▶ _Problem statement_
Where the listing below has a line with "Lemma dhomog_sumXU d h : h \is d.+1.-homog ->", write out exactly that line and every line after it, stopping after the line with "move=> t'; case: ifP".

** Opening Record set block **

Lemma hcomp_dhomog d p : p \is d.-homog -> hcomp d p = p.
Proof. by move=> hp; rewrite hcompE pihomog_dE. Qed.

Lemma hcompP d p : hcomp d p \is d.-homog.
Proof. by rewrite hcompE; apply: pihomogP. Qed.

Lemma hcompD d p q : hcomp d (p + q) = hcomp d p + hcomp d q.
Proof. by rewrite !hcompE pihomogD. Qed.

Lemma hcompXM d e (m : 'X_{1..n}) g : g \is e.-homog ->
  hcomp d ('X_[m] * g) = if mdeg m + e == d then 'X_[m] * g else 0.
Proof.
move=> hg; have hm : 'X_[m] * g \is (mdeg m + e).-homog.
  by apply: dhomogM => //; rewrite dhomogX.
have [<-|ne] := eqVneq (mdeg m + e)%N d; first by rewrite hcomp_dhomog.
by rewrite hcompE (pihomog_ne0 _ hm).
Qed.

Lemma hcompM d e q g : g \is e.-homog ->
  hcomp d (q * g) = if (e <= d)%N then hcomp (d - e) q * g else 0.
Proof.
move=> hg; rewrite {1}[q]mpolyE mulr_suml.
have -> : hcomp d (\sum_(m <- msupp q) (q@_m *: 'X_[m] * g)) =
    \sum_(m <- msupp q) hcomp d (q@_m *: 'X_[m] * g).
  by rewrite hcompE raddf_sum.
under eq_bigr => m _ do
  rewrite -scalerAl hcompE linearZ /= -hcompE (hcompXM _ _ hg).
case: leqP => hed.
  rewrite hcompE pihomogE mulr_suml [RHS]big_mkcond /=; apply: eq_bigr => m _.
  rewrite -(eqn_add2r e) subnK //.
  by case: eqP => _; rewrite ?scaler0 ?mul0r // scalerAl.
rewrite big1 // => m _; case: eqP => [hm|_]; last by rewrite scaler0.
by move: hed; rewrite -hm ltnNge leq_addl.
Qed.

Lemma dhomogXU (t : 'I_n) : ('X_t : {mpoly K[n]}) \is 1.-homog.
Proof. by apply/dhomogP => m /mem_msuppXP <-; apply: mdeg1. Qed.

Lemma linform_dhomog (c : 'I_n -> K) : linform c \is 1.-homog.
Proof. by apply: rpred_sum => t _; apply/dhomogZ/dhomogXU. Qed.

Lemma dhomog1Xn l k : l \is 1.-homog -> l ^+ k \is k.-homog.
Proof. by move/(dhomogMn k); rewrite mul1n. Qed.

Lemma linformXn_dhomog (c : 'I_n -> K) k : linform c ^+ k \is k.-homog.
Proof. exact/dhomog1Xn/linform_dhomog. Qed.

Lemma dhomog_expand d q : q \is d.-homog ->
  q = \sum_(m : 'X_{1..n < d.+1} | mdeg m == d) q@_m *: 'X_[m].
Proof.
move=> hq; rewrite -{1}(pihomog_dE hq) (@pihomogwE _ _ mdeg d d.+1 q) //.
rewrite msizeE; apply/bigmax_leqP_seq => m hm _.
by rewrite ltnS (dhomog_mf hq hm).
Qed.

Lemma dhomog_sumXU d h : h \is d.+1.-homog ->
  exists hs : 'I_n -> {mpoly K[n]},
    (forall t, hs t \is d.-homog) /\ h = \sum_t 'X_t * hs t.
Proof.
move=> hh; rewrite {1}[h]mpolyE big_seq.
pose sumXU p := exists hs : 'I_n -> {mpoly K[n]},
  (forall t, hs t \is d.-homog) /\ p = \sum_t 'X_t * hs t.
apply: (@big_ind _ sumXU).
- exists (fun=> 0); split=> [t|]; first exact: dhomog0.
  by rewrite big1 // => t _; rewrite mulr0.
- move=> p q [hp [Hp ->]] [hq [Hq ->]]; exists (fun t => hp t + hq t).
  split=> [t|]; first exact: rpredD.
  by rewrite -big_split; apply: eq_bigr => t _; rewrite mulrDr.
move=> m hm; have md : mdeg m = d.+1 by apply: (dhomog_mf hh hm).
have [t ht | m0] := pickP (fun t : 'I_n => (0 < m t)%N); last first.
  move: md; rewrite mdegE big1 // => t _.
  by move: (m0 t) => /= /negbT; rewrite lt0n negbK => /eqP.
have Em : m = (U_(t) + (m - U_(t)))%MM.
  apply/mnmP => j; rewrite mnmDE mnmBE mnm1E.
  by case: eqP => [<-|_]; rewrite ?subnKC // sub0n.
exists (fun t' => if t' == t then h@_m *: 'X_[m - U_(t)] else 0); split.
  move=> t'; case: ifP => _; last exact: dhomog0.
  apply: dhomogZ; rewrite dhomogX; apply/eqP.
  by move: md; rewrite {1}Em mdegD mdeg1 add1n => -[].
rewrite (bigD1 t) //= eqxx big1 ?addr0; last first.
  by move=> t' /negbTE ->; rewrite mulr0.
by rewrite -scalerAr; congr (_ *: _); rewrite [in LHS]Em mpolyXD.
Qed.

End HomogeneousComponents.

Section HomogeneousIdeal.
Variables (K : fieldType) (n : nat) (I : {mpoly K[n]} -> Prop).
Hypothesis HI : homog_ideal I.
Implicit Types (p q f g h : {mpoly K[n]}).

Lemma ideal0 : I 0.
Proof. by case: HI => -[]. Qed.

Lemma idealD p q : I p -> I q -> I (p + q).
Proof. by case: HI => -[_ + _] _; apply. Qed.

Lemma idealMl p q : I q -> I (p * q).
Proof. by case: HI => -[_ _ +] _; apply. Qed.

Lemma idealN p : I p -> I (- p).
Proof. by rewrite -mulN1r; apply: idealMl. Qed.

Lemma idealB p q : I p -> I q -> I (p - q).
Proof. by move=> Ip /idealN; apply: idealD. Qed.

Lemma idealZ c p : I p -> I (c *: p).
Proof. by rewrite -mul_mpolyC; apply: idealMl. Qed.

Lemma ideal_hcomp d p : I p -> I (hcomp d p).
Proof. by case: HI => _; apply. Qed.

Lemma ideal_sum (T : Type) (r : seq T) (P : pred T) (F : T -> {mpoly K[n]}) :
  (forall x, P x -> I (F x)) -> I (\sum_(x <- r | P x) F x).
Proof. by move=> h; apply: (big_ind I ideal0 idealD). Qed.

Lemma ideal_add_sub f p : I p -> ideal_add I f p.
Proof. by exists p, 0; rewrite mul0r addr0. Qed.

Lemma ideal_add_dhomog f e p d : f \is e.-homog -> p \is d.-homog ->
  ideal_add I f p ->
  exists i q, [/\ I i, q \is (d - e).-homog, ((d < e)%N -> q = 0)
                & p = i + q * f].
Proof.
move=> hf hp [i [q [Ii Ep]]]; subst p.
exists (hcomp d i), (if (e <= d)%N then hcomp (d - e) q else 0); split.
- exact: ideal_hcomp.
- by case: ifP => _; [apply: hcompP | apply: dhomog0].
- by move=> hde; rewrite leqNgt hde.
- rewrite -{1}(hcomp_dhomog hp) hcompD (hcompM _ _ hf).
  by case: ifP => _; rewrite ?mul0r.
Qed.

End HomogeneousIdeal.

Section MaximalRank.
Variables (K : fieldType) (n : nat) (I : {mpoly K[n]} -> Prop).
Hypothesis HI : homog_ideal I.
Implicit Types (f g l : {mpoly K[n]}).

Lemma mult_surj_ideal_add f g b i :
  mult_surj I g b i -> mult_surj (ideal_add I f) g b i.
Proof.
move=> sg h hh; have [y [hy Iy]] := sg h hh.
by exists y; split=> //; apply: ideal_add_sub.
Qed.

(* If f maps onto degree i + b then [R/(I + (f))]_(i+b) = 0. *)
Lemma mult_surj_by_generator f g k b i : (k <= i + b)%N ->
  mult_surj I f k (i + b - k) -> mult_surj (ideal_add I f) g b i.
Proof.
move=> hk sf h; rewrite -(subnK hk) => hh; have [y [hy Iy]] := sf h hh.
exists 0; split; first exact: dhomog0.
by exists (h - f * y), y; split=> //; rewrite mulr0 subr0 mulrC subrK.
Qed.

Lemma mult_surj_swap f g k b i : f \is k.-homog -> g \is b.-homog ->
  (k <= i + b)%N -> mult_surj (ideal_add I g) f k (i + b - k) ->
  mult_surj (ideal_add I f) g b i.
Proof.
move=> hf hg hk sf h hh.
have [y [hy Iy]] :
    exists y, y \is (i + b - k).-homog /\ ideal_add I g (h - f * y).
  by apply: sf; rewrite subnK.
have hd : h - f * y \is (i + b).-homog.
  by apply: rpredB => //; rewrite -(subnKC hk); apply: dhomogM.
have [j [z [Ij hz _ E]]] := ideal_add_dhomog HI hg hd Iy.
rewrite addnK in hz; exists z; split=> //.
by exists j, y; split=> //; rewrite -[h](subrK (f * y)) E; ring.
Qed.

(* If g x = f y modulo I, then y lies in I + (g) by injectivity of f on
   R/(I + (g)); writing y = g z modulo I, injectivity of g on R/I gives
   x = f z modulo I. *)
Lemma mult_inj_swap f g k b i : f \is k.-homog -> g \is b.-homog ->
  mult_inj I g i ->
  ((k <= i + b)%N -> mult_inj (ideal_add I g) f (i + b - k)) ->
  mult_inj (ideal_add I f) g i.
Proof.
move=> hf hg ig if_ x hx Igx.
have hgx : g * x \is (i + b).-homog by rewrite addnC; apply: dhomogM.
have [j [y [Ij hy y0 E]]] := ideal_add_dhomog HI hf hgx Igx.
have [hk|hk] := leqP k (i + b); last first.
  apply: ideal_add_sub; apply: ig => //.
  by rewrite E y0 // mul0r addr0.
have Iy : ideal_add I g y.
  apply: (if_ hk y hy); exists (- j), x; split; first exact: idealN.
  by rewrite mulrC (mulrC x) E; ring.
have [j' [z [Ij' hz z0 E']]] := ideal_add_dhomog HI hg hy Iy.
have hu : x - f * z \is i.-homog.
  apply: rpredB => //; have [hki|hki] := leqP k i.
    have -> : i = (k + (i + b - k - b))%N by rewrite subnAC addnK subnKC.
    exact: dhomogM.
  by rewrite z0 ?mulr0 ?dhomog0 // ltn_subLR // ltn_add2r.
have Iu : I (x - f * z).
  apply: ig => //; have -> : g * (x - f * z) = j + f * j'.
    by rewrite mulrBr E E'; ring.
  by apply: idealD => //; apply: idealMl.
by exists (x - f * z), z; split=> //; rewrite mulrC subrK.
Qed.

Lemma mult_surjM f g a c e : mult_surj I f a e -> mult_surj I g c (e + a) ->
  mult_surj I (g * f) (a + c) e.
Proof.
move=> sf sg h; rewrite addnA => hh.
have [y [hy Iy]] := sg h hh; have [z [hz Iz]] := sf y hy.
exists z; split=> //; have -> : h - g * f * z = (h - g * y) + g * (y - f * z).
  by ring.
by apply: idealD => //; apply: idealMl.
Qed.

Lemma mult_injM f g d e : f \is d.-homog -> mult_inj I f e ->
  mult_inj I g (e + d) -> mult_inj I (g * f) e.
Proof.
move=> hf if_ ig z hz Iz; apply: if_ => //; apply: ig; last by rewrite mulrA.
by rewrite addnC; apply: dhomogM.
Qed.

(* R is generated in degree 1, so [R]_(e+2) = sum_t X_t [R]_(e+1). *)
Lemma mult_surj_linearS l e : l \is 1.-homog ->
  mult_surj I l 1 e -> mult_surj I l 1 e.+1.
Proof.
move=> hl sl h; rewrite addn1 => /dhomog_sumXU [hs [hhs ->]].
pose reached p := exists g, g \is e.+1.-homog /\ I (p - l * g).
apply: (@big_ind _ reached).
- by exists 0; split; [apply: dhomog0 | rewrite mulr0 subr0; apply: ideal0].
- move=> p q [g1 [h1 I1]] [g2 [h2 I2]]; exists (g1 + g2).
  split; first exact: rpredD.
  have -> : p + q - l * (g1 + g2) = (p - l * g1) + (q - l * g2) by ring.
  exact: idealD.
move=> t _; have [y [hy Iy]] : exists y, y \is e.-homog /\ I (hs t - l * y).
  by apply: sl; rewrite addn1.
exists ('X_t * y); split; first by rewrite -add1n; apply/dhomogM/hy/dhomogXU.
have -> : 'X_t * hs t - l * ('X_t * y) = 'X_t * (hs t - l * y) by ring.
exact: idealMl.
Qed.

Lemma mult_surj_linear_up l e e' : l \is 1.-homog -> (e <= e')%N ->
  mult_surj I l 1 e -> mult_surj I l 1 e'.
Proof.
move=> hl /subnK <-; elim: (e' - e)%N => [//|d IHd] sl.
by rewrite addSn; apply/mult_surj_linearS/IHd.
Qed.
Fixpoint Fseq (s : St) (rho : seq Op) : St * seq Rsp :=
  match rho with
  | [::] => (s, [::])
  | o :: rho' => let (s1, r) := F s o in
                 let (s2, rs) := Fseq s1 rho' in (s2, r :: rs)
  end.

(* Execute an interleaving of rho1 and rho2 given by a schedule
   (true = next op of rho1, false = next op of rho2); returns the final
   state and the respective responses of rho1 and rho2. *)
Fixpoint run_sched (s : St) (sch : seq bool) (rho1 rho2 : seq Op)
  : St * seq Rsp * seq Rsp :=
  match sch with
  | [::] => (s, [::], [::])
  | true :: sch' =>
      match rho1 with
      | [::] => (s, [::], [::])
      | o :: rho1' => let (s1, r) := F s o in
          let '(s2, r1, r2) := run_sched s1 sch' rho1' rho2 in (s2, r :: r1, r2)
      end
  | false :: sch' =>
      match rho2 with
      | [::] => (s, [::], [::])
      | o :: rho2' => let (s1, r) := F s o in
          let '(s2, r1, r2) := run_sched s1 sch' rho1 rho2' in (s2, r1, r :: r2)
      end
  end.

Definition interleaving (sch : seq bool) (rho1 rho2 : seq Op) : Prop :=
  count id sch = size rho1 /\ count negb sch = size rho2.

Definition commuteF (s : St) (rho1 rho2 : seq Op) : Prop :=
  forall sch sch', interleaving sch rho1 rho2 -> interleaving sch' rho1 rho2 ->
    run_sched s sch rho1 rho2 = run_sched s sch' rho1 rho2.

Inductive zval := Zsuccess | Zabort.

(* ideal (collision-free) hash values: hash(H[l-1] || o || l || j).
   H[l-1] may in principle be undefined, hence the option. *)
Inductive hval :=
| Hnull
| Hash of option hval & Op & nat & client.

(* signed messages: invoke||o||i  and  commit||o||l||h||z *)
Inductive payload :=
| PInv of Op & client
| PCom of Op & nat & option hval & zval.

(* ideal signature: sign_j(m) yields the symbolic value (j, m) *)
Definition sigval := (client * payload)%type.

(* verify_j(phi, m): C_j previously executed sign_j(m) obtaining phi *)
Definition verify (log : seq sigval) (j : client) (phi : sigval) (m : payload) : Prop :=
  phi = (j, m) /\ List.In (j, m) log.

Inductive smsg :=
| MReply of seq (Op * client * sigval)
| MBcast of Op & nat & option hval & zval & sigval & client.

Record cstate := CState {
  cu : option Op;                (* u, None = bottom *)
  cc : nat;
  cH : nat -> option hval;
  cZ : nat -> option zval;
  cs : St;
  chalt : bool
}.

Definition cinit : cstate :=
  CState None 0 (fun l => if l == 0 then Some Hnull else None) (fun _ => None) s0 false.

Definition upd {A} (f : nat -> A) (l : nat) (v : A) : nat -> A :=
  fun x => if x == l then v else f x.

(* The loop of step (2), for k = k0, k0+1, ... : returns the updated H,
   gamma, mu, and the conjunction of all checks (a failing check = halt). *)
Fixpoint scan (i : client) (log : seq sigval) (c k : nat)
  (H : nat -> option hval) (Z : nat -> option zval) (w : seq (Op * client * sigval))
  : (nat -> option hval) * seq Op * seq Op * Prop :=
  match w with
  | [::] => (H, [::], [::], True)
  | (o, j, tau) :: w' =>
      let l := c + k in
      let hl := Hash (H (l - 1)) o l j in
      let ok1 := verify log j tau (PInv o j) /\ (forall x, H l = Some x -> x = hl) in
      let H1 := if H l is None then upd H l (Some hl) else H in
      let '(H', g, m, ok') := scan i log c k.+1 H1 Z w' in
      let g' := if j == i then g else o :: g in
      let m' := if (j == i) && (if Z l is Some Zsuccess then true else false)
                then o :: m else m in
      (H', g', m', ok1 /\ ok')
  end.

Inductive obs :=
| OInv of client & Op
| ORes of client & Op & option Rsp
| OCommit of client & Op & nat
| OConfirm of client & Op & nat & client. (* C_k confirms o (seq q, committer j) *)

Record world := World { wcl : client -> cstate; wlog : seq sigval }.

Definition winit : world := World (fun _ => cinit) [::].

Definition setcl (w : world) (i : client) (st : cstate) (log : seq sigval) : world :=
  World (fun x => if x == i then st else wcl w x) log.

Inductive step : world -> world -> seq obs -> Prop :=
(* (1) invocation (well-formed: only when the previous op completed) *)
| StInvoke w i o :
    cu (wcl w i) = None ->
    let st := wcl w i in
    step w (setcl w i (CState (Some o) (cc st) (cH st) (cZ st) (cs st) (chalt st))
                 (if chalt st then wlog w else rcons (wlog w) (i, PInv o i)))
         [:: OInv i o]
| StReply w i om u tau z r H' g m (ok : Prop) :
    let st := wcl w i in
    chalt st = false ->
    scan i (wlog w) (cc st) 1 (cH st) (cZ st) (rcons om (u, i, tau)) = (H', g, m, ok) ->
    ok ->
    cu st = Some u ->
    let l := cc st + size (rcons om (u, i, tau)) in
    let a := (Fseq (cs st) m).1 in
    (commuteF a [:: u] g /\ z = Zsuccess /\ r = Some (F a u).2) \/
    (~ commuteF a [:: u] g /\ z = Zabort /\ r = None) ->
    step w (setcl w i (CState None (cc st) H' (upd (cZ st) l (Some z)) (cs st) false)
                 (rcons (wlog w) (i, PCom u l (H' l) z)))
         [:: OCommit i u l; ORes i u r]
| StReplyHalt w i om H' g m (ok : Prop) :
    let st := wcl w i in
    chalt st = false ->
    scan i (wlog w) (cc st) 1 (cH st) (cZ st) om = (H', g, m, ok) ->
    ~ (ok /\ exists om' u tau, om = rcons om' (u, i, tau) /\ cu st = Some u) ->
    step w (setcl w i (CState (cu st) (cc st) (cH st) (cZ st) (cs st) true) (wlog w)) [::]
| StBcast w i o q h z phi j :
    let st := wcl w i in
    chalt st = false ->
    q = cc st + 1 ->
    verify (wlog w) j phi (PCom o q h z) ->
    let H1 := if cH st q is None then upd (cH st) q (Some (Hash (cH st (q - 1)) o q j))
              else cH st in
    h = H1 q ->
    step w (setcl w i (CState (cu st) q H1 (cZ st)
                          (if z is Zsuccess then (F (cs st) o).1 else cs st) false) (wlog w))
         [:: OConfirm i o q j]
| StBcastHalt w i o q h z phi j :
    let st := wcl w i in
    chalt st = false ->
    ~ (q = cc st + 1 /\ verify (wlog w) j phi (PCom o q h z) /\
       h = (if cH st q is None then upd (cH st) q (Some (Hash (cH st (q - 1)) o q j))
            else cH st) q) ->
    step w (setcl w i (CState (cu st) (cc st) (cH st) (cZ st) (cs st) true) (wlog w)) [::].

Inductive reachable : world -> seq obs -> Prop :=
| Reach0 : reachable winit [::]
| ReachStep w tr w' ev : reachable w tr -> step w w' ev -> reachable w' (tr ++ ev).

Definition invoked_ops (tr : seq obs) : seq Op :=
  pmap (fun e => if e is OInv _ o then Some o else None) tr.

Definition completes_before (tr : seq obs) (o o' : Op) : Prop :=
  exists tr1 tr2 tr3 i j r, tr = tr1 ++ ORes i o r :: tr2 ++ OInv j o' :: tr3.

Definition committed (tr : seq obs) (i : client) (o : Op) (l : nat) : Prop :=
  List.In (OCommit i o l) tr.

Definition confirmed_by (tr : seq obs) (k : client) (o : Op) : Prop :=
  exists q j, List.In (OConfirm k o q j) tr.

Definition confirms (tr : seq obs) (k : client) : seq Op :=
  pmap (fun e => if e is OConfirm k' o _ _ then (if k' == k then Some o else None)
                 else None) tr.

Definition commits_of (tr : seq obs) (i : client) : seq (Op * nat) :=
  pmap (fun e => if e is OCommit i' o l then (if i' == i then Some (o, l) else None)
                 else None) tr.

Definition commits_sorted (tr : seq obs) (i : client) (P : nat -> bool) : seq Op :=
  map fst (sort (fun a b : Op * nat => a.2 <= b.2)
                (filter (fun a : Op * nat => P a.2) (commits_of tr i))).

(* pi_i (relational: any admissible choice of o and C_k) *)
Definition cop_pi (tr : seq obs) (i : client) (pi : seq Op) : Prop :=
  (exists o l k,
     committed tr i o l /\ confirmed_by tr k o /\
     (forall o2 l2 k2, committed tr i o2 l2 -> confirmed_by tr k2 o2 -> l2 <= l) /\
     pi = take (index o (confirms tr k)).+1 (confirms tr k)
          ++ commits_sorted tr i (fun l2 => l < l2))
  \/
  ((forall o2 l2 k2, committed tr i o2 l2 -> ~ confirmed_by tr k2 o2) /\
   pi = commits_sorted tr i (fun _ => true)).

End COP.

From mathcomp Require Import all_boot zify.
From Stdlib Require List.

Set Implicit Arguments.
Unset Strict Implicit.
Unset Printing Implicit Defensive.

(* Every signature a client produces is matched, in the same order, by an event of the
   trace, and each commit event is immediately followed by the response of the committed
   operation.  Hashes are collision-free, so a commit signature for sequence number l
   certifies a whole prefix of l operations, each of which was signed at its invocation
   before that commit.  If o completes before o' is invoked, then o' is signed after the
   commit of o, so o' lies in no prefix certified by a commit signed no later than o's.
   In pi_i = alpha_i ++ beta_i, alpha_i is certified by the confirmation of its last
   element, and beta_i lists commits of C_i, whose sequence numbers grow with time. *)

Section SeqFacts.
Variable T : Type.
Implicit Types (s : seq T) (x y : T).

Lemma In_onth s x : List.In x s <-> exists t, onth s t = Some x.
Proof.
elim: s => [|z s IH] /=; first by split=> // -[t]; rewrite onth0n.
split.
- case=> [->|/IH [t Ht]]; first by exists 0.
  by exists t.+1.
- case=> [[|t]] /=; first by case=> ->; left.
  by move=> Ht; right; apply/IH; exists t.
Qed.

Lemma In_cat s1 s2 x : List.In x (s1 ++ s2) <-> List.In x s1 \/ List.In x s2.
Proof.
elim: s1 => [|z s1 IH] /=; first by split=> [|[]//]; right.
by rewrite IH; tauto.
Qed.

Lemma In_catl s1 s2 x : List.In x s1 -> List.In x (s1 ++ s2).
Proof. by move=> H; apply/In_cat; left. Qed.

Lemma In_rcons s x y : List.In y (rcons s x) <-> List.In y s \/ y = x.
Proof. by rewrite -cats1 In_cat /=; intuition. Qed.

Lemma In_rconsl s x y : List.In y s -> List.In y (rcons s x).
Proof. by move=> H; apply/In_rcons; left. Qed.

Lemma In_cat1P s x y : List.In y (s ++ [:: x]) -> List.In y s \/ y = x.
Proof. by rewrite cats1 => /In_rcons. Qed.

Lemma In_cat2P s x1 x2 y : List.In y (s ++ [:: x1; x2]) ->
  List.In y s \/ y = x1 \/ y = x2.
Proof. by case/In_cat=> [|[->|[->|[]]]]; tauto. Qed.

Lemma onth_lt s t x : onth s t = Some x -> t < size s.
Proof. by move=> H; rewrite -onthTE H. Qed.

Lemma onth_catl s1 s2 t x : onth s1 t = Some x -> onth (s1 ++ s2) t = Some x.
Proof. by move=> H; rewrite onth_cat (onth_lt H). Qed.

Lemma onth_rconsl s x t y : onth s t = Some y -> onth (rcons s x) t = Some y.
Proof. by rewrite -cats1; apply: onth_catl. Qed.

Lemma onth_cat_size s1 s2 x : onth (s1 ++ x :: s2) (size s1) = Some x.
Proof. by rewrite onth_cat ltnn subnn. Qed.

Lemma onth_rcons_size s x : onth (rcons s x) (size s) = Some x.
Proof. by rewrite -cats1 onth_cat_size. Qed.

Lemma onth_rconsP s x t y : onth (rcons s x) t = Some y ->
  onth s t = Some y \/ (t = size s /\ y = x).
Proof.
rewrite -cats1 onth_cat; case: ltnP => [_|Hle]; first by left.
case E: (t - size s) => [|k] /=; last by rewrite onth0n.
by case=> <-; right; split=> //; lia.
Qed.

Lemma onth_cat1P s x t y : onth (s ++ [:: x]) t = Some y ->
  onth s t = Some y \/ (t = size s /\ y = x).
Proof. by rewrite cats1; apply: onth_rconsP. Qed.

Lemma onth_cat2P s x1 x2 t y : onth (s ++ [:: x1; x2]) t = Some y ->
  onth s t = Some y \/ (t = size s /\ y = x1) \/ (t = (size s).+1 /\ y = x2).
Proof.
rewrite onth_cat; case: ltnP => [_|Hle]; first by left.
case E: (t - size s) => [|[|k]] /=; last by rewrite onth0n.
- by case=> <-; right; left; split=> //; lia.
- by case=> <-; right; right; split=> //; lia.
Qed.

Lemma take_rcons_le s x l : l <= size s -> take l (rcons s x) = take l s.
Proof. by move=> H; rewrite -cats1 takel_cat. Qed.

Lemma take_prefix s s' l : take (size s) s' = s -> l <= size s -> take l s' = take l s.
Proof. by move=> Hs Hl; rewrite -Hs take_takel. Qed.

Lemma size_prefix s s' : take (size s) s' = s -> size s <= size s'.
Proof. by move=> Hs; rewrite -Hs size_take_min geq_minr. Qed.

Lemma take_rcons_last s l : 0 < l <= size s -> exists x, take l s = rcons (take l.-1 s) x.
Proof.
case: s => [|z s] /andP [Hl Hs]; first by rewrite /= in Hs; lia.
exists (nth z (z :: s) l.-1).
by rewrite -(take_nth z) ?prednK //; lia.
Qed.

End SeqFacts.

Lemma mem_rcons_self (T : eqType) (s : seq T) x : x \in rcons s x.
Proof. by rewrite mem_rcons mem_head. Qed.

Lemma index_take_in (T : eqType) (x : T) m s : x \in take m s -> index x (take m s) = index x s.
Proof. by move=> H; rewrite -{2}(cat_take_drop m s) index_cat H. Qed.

** Closing Record set block **

▶ _Result of this exercise_
Lemma dhomog_sumXU d h : h \is d.+1.-homog ->
  exists hs : 'I_n -> {mpoly K[n]},
    (forall t, hs t \is d.-homog) /\ h = \sum_t 'X_t * hs t.
Proof.
move=> hh; rewrite {1}[h]mpolyE big_seq.
pose sumXU p := exists hs : 'I_n -> {mpoly K[n]},
  (forall t, hs t \is d.-homog) /\ p = \sum_t 'X_t * hs t.
apply: (@big_ind _ sumXU).
- exists (fun=> 0); split=> [t|]; first exact: dhomog0.
  by rewrite big1 // => t _; rewrite mulr0.
- move=> p q [hp [Hp ->]] [hq [Hq ->]]; exists (fun t => hp t + hq t).
  split=> [t|]; first exact: rpredD.
  by rewrite -big_split; apply: eq_bigr => t _; rewrite mulrDr.
move=> m hm; have md : mdeg m = d.+1 by apply: (dhomog_mf hh hm).
have [t ht | m0] := pickP (fun t : 'I_n => (0 < m t)%N); last first.
  move: md; rewrite mdegE big1 // => t _.
  by move: (m0 t) => /= /negbT; rewrite lt0n negbK => /eqP.
have Em : m = (U_(t) + (m - U_(t)))%MM.
  apply/mnmP => j; rewrite mnmDE mnmBE mnm1E.
  by case: eqP => [<-|_]; rewrite ?subnKC // sub0n.
exists (fun t' => if t' == t then h@_m *: 'X_[m - U_(t)] else 0); split.
  move=> t'; case: ifP => _; last exact: dhomog0.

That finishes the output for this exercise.